▶ **TRY IT**
Below are records; copy every line in them that holds the word "simple".

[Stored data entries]
Record graded_gmodule (S : comAlgType A) (Sdeg : nat -> S -> Prop) (phi : g -> S -> S)
    (M : lmodType S) (Mdeg : int -> M -> Prop) (rho : g -> M -> M) : Prop := {
  gmm_graded : internal_direct_sum (Mdeg : int -> M -> Prop);
  gmm_Amod : forall i a m, Mdeg i m -> Mdeg i (ascale a m);
  gmm_mul : forall (i : nat) (j : int) s m, Sdeg i s -> Mdeg j m -> Mdeg (i%:Z + j) (s *: m);
  gmm_gmod : gmodule br alpha (@ascale S M) rho;
  gmm_pres : forall d i m, Mdeg i m -> Mdeg i (rho d m);
  gmm_leibniz : forall d s m, rho d (s *: m) = phi d s *: m + s *: rho d m
}.

End Graded.

From HB Require Import structures.
From mathcomp Require Import all_boot all_algebra.
From Stdlib Require Import IndefiniteDescription.
Set Implicit Arguments. Unset Strict Implicit. Unset Printing Implicit Defensive.
Import GRing.Theory.
Local Open Scope ring_scope.

(* A Schur-type argument.  For an invariant m, the map F : s |-> pi (pr_Q s * m),
   with pi the projection of M onto A.Mbar along M1 and pr_Q the projection of S
   onto Q along A.Sbar, is a g-morphism from S into A.Mbar that kills the
   invariants of S.  On a simple summand W of S, a nonzero F composed with the
   coordinate onto a simple summand U of M would be an isomorphism W ~ U; since
   its image lies in A.Mbar, U contains a nonzero invariant, whose preimage is a
   nonzero invariant of W, which F kills: a contradiction.  Hence F = 0, and for
   q in Q this says pi (q m) = 0, i.e. q m lies in M1. *)

Section AdditiveFun.
Variables (V W : zmodType) (T : V -> W).
Hypothesis T_add : {morph T : x y / x + y}.

Lemma additive0 : T 0 = 0.
Proof. by apply: (addrI (T 0)); rewrite -T_add !addr0. Qed.

Lemma additiveB x y : T (x - y) = T x - T y.
Proof. by apply: (addIr (T y)); rewrite -T_add !subrK. Qed.

Lemma additive_sum (I : Type) (r : seq I) (F : I -> V) :
  T (\sum_(i <- r) F i) = \sum_(i <- r) T (F i).
Proof. exact: (big_morph T T_add additive0). Qed.

End AdditiveFun.

Lemma sumr_neq0 (V : nmodType) (I : eqType) (r : seq I) (F : I -> V) :
  \sum_(i <- r) F i != 0 -> exists2 i, i \in r & F i != 0.
Proof.
move=> nz; have /hasP[i ir Fi] : has (fun i => F i != 0) r; last by exists i.
apply: contraNT nz => /hasPn F0; apply/eqP/big1_seq => i /andP[_ /F0].
by rewrite negbK => /eqP.
Qed.
(* Let $k\geq 1$ and $n\geq k+2$ be integers, and let $T_n$ be any $k$-tree with $n$ vertices. Then $$\det({\sf D}^{k}(T_n))=(-1)^{k(n-k)}\,k\,(k+1)^{n-k-1}(n-k).$$
   Context: A $k$-tree is either the complete graph on $k$ vertices, or a graph obtained from a smaller $k$-tree by adding a new vertex joined by $k$ edges to all vertices of a $k$-clique (complete subgraph on $k$ vertices). In a $k$-tree $T$, for $k$-cliques $\tau,\tau'$, a $k$-walk from $\tau$ to $\tau'$ is a sequence $\tau_1\sigma_1\tau_2\sigma_2\cdots\tau_l$ with $\tau_1=\tau$, $\tau_l=\tau'$, the $\tau_i$ being $k$-cliques and $\sigma_i$ a $(k+1)$-clique containing both $\tau_i$ and $\tau_{i+1}$; the $k$-distance $\operatorname{dist}^k(\tau,\tau')$ is the number of $(k+1)$-cliques in a shortest such walk. If $T$ has $c$ $k$-cliques $\tau_1,\dots,\tau_c$ (in any fixed order), the $k$-distance matrix ${\sf D}^k(T)$ is the $c\times c$ integer matrix with $(i,j)$-entry $0$ if $i=j$ and $\operatorname{dist}^k(\tau_i,\tau_j)$ otherwise (the determinant does not depend on the chosen order). *)

From mathcomp Require Import all_boot all_order all_algebra.
From Stdlib Require Import ClassicalEpsilon.
Set Implicit Arguments. Unset Strict Implicit. Unset Printing Implicit Defensive.
Import GRing.Theory Num.Theory.
Local Open Scope ring_scope.

Section KTrees.
Variables (T : finType) (e : rel T).

Definition is_clique (S : {set T}) : bool :=
  [forall x in S, forall y in S, (x != y) ==> e x y].

Definition kclique (k : nat) (S : {set T}) : bool :=
  (#|S| == k)%N && is_clique S.

(* k-trees, built inductively on vertex subsets V (graph = induced subgraph
   on V): either a k-clique on k vertices, or a smaller k-tree on V plus a new
   vertex v whose neighbourhood inside V is exactly a k-clique C of it. *)
Inductive ktree_on (k : nat) : {set T} -> Prop :=
| ktree_base V : kclique k V -> ktree_on k V
| ktree_step V v (C : {set T}) : ktree_on k V -> v \notin V -> C \subset V ->
    kclique k C -> [set u in V | e v u] = C -> ktree_on k (v |: V).

Definition is_ktree (k : nat) : Prop := ktree_on k [set: T].

(* A k-walk tau_1 sigma_1 tau_2 ... sigma_{l-1} tau_l from tau to tau' is
   encoded by tau and the list w = [:: (sigma_1, tau_2); ...; (sigma_{l-1}, tau_l)];
   the number of (k+1)-cliques in it is size w. *)
Fixpoint kwalk_from (k : nat) (tau : {set T}) (w : seq ({set T} * {set T}))
    (tau' : {set T}) : bool :=
  match w with
  | [::] => tau == tau'
  | (sigma, t) :: w' =>
      [&& kclique k.+1 sigma, tau \subset sigma, kclique k t, t \subset sigma
        & kwalk_from k t w' tau']
  end.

▶ **TASK SOLUTION**
   invariants of S.  On a simple summand W of S, a nonzero F composed with the
   coordinate onto a simple summand U of M would be an isomorphism W ~ U; since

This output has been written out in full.